Health insurance, yet again
Most Americans, from all parts of the political spectrum, want to end the practice of excluding people from health coverage for "pre-existing conditions". So...
all the current Congressional proposals, AFAIK, ban this practice. But...
if that's all you do, any smart-but-financially-strapped consumer will put off buying health insurance until (s)he actually gets sick or injured, and then stop paying premiums again as soon as the crisis is over. As the insurance companies rightly point out, this will lead to either
- every health insurance company going bankrupt, or more likely
- premiums going up much faster than they're already doing, which will lead even more people to try to game the system as above, which will lead to premiums going up even faster, etc.
everybody (or almost everybody) has to have health insurance all the time, without the ability to "opt out" until a health problem occurs. So...
most of the current Congressional proposals include an "individual mandate": if you're in such-and-such category of people, you must have health insurance.
(Aside: "such-and-such category" generally includes U.S. citizens, generally excludes illegal aliens, and I'm not sure how they handle legal immigrants and visitors. Of course, anybody who's left out of this category will probably not get health insurance, and will continue to get primary health care from emergency rooms, thus driving up costs for everyone else.)But if you require everybody to buy something that might be expensive, some people won't be able to afford it. An employer mandate doesn't work because many of the people involved don't have employers. So...
most of the current Congressional proposals include some kind of subsidy for low-income people to pay for their mandatory health insurance.
At present, health insurance companies have some, though not much, incentive to cut costs: if they charge more than their customers can afford, the customers will either go to another company or stop buying insurance entirely. The above plan removes the option of "stop buying insurance entirely," and it guarantees that if insurance companies charge more than their customers can afford, the Federal government will step in and make up the difference. So insurance companies will have even less incentive to cut costs. In other words, this is a massive taxpayer giveaway to insurance companies. To avoid this problem, ...
you need some way to prevent the insurance companies from charging too much. The "big-government" solution is tight regulation of insurance premiums. The "free-market" solution is competition, with minimal transaction costs so consumers can switch from one company to another easily and competition actually works. The existing competition among insurance companies clearly hasn't worked to keep costs down (and in many areas of the country, there is essentially no competition), so some new competition needs to be added to the system.
The new competition can't be just another insurance company like the ones we've already got, because if that would work (as any free-market economist can tell you), it would already have been formed. It could be a not-for-profit insurance company, but that has been tried in a number of places and hasn't grown big enough to provide any meaningful competition. Which leaves the "public option": a government-run insurance company that competes directly with private insurers.
A number of Republican Senators are worried that this is a sneaky way of getting to a single-payer system. (I'm not clear what would be wrong with that, since single-payer systems have been tried in many places; we know that they work and they save money, while the current U.S. proposals are uncharted territory, but let's assume for the sake of argument that single-payer systems are bad.)
How could this happen?It could happen by legislative fiat some years down the line, regardless of whether we have a public option next year; this isn't an argument against a public option. Alternatively, ...
it could happen de facto because most Americans voluntarily switch to the public option, putting insurance companies out of business.

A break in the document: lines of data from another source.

Lemma lambda_min_le_diag_conj n (Q : 'M[R]_n) (t : 'rV[R]_n) i : orthmx Q ->
  lambda_min (Q *m diag_mx t *m Q^T) <= t 0 i.
Proof.
(* [inf] needs a lower bound: every eigenvalue is one of the t 0 j. *)
move=> Qo; apply: ge_inf; last exact: diag_conj_eigenvalue.
exists (\big[Num.min/t 0 i]_j t 0 j) => _ /= /(eigenvalue_diag_conj Qo) [j <-].
by rewrite (bigD1 j) //= ge_min lexx.
Qed.

Lemma lambda_min_gt0 n (T : 'M[R]_n) : (0 < n)%N -> posdef T -> 0 < lambda_min T.
Proof.
move=> n0 Tp; have [Q [t [Qo TE]]] := symmx_spectral (proj1 Tp).
have t0 := diag_conj_posdef_gt0 Qo TE Tp.
set c := \big[Num.min/1]_i t 0 i.
have c0 : 0 < c by apply: (big_ind (fun x => 0 < x)) => // x y x0 y0; rewrite lt_min x0.
apply: (lt_le_trans c0); rewrite TE; apply: lb_le_inf.
  by exists (t 0 (Ordinal n0)); apply: diag_conj_eigenvalue.
by move=> _ /(eigenvalue_diag_conj Qo) [i <-]; rewrite /c (bigD1 i) //= ge_min lexx.
Qed.

Lemma sqrt_lambda_min_sqr_le n (S : 'M[R]_n) (q : 'cV[R]_n) : psd S -> dot q q = 1 ->
  Num.sqrt (lambda_min (S *m S)) <= dot q (S *m q).
Proof.
move=> Sp qq; have [P [s [Po SE]]] := symmx_spectral (proj1 Sp).
have s0 := diag_conj_psd_ge0 Po SE Sp.
rewrite -[X in X <= _]mulr1 -qq SE; apply: dot_diag_conj_ge => // i.
rewrite -(ger0_norm (s0 i)) -sqrtr_sqr; apply: ler_wsqrtr.
rewrite diag_conjM // expr2.
by have := lambda_min_le_diag_conj (\row_j (s 0 j * s 0 j)) i Po; rewrite mxE.
Qed.

Lemma vnorm2E n (x : 'cV[R]_n) : vnorm2 x = Num.sqrt (dot x x).
Proof. by rewrite /vnorm2 dotE; under eq_bigr do rewrite expr2. Qed.

Lemma vnorm2_diag_conj_le n (Q : 'M[R]_n) (mu : 'rV[R]_n) c (x : 'cV[R]_n) :
  orthmx Q -> 0 <= c -> (forall i, `|mu 0 i| <= c) ->
  vnorm2 x = 1 -> vnorm2 (Q *m diag_mx mu *m Q^T *m x) <= c.
Proof.
move=> Qo c0 muc; rewrite !vnorm2E => x1.
have xx : dot x x = 1 by rewrite -[LHS]sqr_sqrtr ?dot_ge0 // x1 expr1n.
rewrite -(ger0_norm c0) -sqrtr_sqr ler_wsqrtr // -{1}(diag_conj_symmx Q mu).
rewrite -dot_mulmxr mulmxA diag_conjM // -[X in _ <= X]mulr1 -xx.
apply: dot_diag_conj_le => // i.
by rewrite mxE -expr2 -real_normK ?num_real // lerXn2r ?nnegrE ?muc.
Qed.

Lemma specnorm_le m n (M : 'M[R]_(m, n)) c : 0 <= c ->
  (forall x, vnorm2 x = 1 -> vnorm2 (M *m x) <= c) -> specnorm M <= c.
Proof.
move=> c0 Mc; rewrite /specnorm; set S := [set r | _].
have [->|/set0P [r Sr]] := eqVneq S set0; first by rewrite sup0.
by apply: ge_sup; [exists r | move=> _ [x [x1 ->]]; apply: Mc].
Qed.

End SpectralBounds.

Lemma sqr_sum_norm_le (R : realFieldType) n (c : 'I_n -> R) :
  (\sum_i `|c i|) ^+ 2 <= n%:R * \sum_i c i ^+ 2.
Proof.
pose a i := `|c i|; set S1 := \sum_i a i.
have -> : \sum_i c i ^+ 2 = \sum_i a i ^+ 2.
  by apply: eq_bigr => i _; rewrite /a real_normK ?num_real.
set S2 := \sum_i a i ^+ 2.
have sum_diag : \sum_i \sum_(j < n) a i ^+ 2 = n%:R * S2.
  by rewrite /S2 mulr_sumr; apply: eq_bigr => i _; rewrite sumr_const card_ord mulr_natl.
have sum_prod : \sum_i \sum_j 2 * (a i * a j) = 2 * S1 ^+ 2.
  rewrite expr2 /S1 mulr_suml mulr_sumr; apply: eq_bigr => i _; rewrite !mulr_sumr.
  by apply: eq_bigr => j _; rewrite mulrA.
have cross : \sum_i \sum_j (a i - a j) ^+ 2 = 2 * (n%:R * S2) - 2 * S1 ^+ 2.
  under eq_bigr do under eq_bigr do rewrite sqrrB -mulr_natl.
  under eq_bigr do rewrite big_split sumrB /=.
  rewrite big_split sumrB /= sum_diag sum_prod sumr_const card_ord -/S2 -mulr_natl; ring.
have : 0 <= \sum_i \sum_j (a i - a j) ^+ 2.
  by apply: sumr_ge0 => i _; apply: sumr_ge0 => j _; rewrite sqr_ge0.
rewrite cross; lra.
Qed.

Section Frobenius.
Variable R : realType.

Lemma frobenius_ge0 m n (M : 'M[R]_(m, n)) : 0 <= frobenius M.
Proof. exact: sqrtr_ge0. Qed.

Lemma frobenius_sqr m n (M : 'M[R]_(m, n)) : frobenius M ^+ 2 = \sum_i \sum_j M i j ^+ 2.
Proof.
by rewrite sqr_sqrtr // sumr_ge0 // => i _; rewrite sumr_ge0 // => j _; rewrite sqr_ge0.
Qed.

Lemma frobenius_trace m n (M : 'M[R]_(m, n)) : frobenius M = Num.sqrt (\tr (M^T *m M)).
Proof.
rewrite /frobenius exchange_big; congr Num.sqrt; apply: eq_bigr => j _.
by rewrite mxE; apply: eq_bigr => i _; rewrite mxE expr2.
Qed.

Lemma frobeniusZ m n a (M : 'M[R]_(m, n)) : frobenius (a *: M) = `|a| * frobenius M.
Proof.
rewrite /frobenius -sqrtr_sqr -sqrtrM ?sqr_ge0 // mulr_sumr; congr Num.sqrt.
by apply: eq_bigr => i _; rewrite mulr_sumr; apply: eq_bigr => j _; rewrite mxE exprMn.
Qed.

Lemma frobenius_orth_conj n (Q M : 'M[R]_n) :
  orthmx Q -> frobenius (Q^T *m M *m Q) = frobenius M.
Proof.
move=> Qo; rewrite !frobenius_trace !trmx_mul trmxK !mulmxA.
rewrite -[_ *m Q *m Q^T]mulmxA (orthmx_mulmx_tr Qo) mulmx1 mxtrace_mulC !mulmxA.
by rewrite (orthmx_mulmx_tr Qo) mul1mx.
Qed.

Lemma frobenius_diag_sqr n (d : 'rV[R]_n) : frobenius (diag_mx d) ^+ 2 = \sum_i d 0 i ^+ 2.
Proof.
rewrite frobenius_sqr; apply: eq_bigr => i _; rewrite (bigD1 i) //= big1 ?addr0.
  by rewrite mxE eqxx mulr1n.
by move=> j /negPf nj; rewrite mxE eq_sym nj mulr0n expr0n.
Qed.

Lemma sum_diag_sqr_le_frobenius n (M : 'M[R]_n) : \sum_i M i i ^+ 2 <= frobenius M ^+ 2.
Proof.
rewrite frobenius_sqr; apply: ler_sum => i _; rewrite (bigD1 i) //= lerDl.
by apply: sumr_ge0 => j _; rewrite sqr_ge0.
Qed.

Lemma dot_col_conj n (Q M : 'M[R]_n) i :
  dot (col i Q) (M *m col i Q) = (Q^T *m M *m Q) i i.
Proof.
have -> : (Q^T *m M *m Q) i i = (row i (col i (Q^T *m M *m Q))) 0 0 by rewrite !mxE.
by rewrite rowE colE !mulmxA -rowE -[_ *m Q *m _]mulmxA -colE -tr_col quadformE.
Qed.

Lemma abs_dot_col_le_frobenius n (Q M : 'M[R]_n) i : orthmx Q ->
  `|dot (col i Q) (M *m col i Q)| <= frobenius M.
Proof.
move=> Qo; rewrite -ler_sqr ?nnegrE ?frobenius_ge0 // real_normK ?num_real //.
rewrite -(frobenius_orth_conj M Qo) dot_col_conj.
apply: le_trans (sum_diag_sqr_le_frobenius _).
by rewrite (bigD1 i) //= lerDl sumr_ge0 // => j _; rewrite sqr_ge0.
Qed.

Lemma specnorm_symmx_le_frobenius n (E : 'M[R]_n) : symmx E -> specnorm E <= frobenius E.
Proof.
move=> Es; have [Q [mu [Qo EE]]] := symmx_spectral Es.
apply: specnorm_le => [|x x1]; first exact: frobenius_ge0.
rewrite [in X in vnorm2 X]EE vnorm2_diag_conj_le ?frobenius_ge0 // => i.
by rewrite -(dot_diag_conj_col mu i Qo) -EE abs_dot_col_le_frobenius.
Qed.

Lemma sum_abs_dot_col_le n (Q M : 'M[R]_n) : orthmx Q ->
  \sum_i `|dot (col i Q) (M *m col i Q)| <= Num.sqrt n%:R * frobenius M.
Proof.
move=> Qo; rewrite -ler_sqr ?nnegrE ?mulr_ge0 ?sqrtr_ge0 ?frobenius_ge0 ?sumr_ge0 //.
rewrite exprMn sqr_sqrtr // -(frobenius_orth_conj M Qo).
apply: le_trans (sqr_sum_norm_le _) _; rewrite ler_wpM2l //.
by under eq_bigr do rewrite dot_col_conj; apply: sum_diag_sqr_le_frobenius.
Qed.

End Frobenius.

Section SquareRootPerturbation.
Variable R : realType.
Variables (n : nat) (S X : 'M[R]_n).
Hypotheses (Sp : psd S) (Xp : psd X).

(* For an eigenvector q of S - X, q^T (S^2 - X^2) q = |Sq|^2 - |Xq|^2
   = <(S - X) q, (S + X) q>. *)
Lemma dot_sqr_sub_eigen q mu : (S - X) *m q = mu *: q ->
  dot q ((S *m S - X *m X) *m q) = mu * (dot q (S *m q) + dot q (X *m q)).
Proof.
move=> eig_q; have Sq_Xq : S *m q - X *m q = mu *: q by rewrite -mulmxBl.
have SS : dot q (S *m (S *m q)) = dot (S *m q) (S *m q) by rewrite dot_mulmxr (proj1 Sp).
have XX : dot q (X *m (X *m q)) = dot (X *m q) (X *m q) by rewrite dot_mulmxr (proj1 Xp).
have -> : mu * (dot q (S *m q) + dot q (X *m q)) = dot (S *m q - X *m q) (S *m q + X *m q).
  by rewrite Sq_Xq dotZl dotDr.
rewrite mulmxBl dotBr -!mulmxA SS XX dotBl !dotDr [dot (X *m q) (S *m q)]dotC; ring.
Qed.

Lemma eigen_sqr_sub_bounds q mu : dot q q = 1 -> (S - X) *m q = mu *: q ->
  mu ^+ 2 <= `|dot q ((S *m S - X *m X) *m q)| /\
  `|mu| * dot q (S *m q) <= `|dot q ((S *m S - X *m X) *m q)|.
Proof.
move=> qq eig_q; rewrite (dot_sqr_sub_eigen eig_q).
have s0 := psd_dot_ge0 q Sp; have x0 := psd_dot_ge0 q Xp.
have muE : mu = dot q (S *m q) - dot q (X *m q).
  by rewrite -dotBr -mulmxBl eig_q dotZr qq mulr1.
rewrite normrM (ger0_norm (addr_ge0 s0 x0)); split; last by rewrite ler_wpM2l // lerDl.
rewrite {1}muE; case: (lerP 0 (dot q (S *m q) - dot q (X *m q))) => h.
  by rewrite ger0_norm -?muE //; nra.
by rewrite ltr0_norm -?muE //; nra.
Qed.

Let SX_symmx : symmx (S - X).
Proof. by rewrite /symmx linearB /= (proj1 Sp) (proj1 Xp). Qed.

Lemma frobenius_sqrt_sub_le :
  frobenius (S - X) <= Num.sqrt (Num.sqrt n%:R * frobenius (S *m S - X *m X)).
Proof.
have [Q [mu [Qo EE]]] := symmx_spectral SX_symmx.
rewrite -[frobenius _]ger0_norm ?frobenius_ge0 // -sqrtr_sqr ler_wsqrtr //.
rewrite -(frobenius_orth_conj _ Qo) EE !mulmxA Qo mul1mx -mulmxA Qo mulmx1.
rewrite frobenius_diag_sqr; apply: le_trans (sum_abs_dot_col_le _ Qo); apply: ler_sum => i _.
have eig_i : (S - X) *m col i Q = mu 0 i *: col i Q by rewrite EE diag_conj_col.
exact: (eigen_sqr_sub_bounds (orthmx_col_unit i Qo) eig_i).1.
Qed.

Lemma specnorm_sqrt_sub_le : posdef (S *m S) ->
  specnorm (S - X) <= frobenius (S *m S - X *m X) / Num.sqrt (lambda_min (S *m S)).
Proof.
move=> SSp; have [Q [mu [Qo EE]]] := symmx_spectral SX_symmx.
have bound0 : 0 <= frobenius (S *m S - X *m X) / Num.sqrt (lambda_min (S *m S)).
  by rewrite divr_ge0 ?frobenius_ge0 ?sqrtr_ge0.
apply: specnorm_le => // x x1; rewrite [in X in vnorm2 X]EE vnorm2_diag_conj_le // => i.
have lam0 : 0 < lambda_min (S *m S).
  by apply: lambda_min_gt0 SSp; apply: leq_ltn_trans (ltn_ord i).
rewrite ler_pdivlMr ?sqrtr_gt0 //; apply: le_trans (abs_dot_col_le_frobenius _ _ Qo).
have eig_i : (S - X) *m col i Q = mu 0 i *: col i Q by rewrite EE diag_conj_col.
apply: le_trans (eigen_sqr_sub_bounds (orthmx_col_unit i Qo) eig_i).2.
by rewrite ler_wpM2l ?sqrt_lambda_min_sqr_le ?orthmx_col_unit.
Qed.

Theorem sqrt_sub_bounds : posdef (S *m S) ->
  frobenius (S - X) <= Num.sqrt (Num.sqrt n%:R * frobenius (S *m S - X *m X)) /\
  specnorm (S - X) <=
    Num.min (frobenius (S *m S - X *m X) / Num.sqrt (lambda_min (S *m S)))
            (Num.sqrt (Num.sqrt n%:R * frobenius (S *m S - X *m X))).
Proof.
move=> SSp; split; first exact: frobenius_sqrt_sub_le.
rewrite le_min specnorm_sqrt_sub_le //=.
exact: le_trans (specnorm_symmx_le_frobenius SX_symmx) frobenius_sqrt_sub_le.
Qed.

How could this happen? According to the laws of the free market, one provider will gain market share from others only if
- it provides a better product and/or a better price, and
- the rest of the market doesn't adapt by doing the same
In other words, the only way for the "public option" to become a de facto single-payer system is if- the government runs a health insurance system well and cost-effectively, and
- the private sector doesn't
If you're a free-market-small-government fundamentalist, you know that both of these things are impossible. So you have nothing to fear: in order for the "public option" to become a de facto single-payer system, Hell would have to freeze over twice.
- It could be objected that by not having to pay stockholder dividends, not paying exorbitant executive salaries, and not spending much on advertising, the "public option" would have an unfair advantage in the market. However, all three of those savings are things that private insurance companies could have chosen to do, and they haven't, even though it would give them an "unfair advantage" on their competitors. Which, by the laws of the free market, leads to one of two conclusions: either
- it isn't a market advantage after all, in which case there's no harm allowing a government agency to do it, or
- the current private insurance companies are stupid for refusing to take this advantage themselves, and deserve to fail.
One apparently-fine point in yesterday's Finance Committee discussions was whether the "public option"'s reimbursement rates should be tied to Medicare's. "Yes" would seem to make things simpler and fairer, but Medicare reimbursement rates are notoriously low, especially in rural areas, so Congressbeings from rural areas oppose this vociferously. I think the right answer isn't to decouple the "public option" from Medicare, but rather to fix Medicare's reimbursement rates.
Of course, single-payer would simplify the whole thing immensely: we wouldn't have to worry about individual mandates, or taxpayer subsidies, or public options, and ordinary people could understand it. It would cost a lot of insurance-company jobs, and it would cost some administrative jobs in hospitals and doctors' offices because there would be so much less paperwork to do.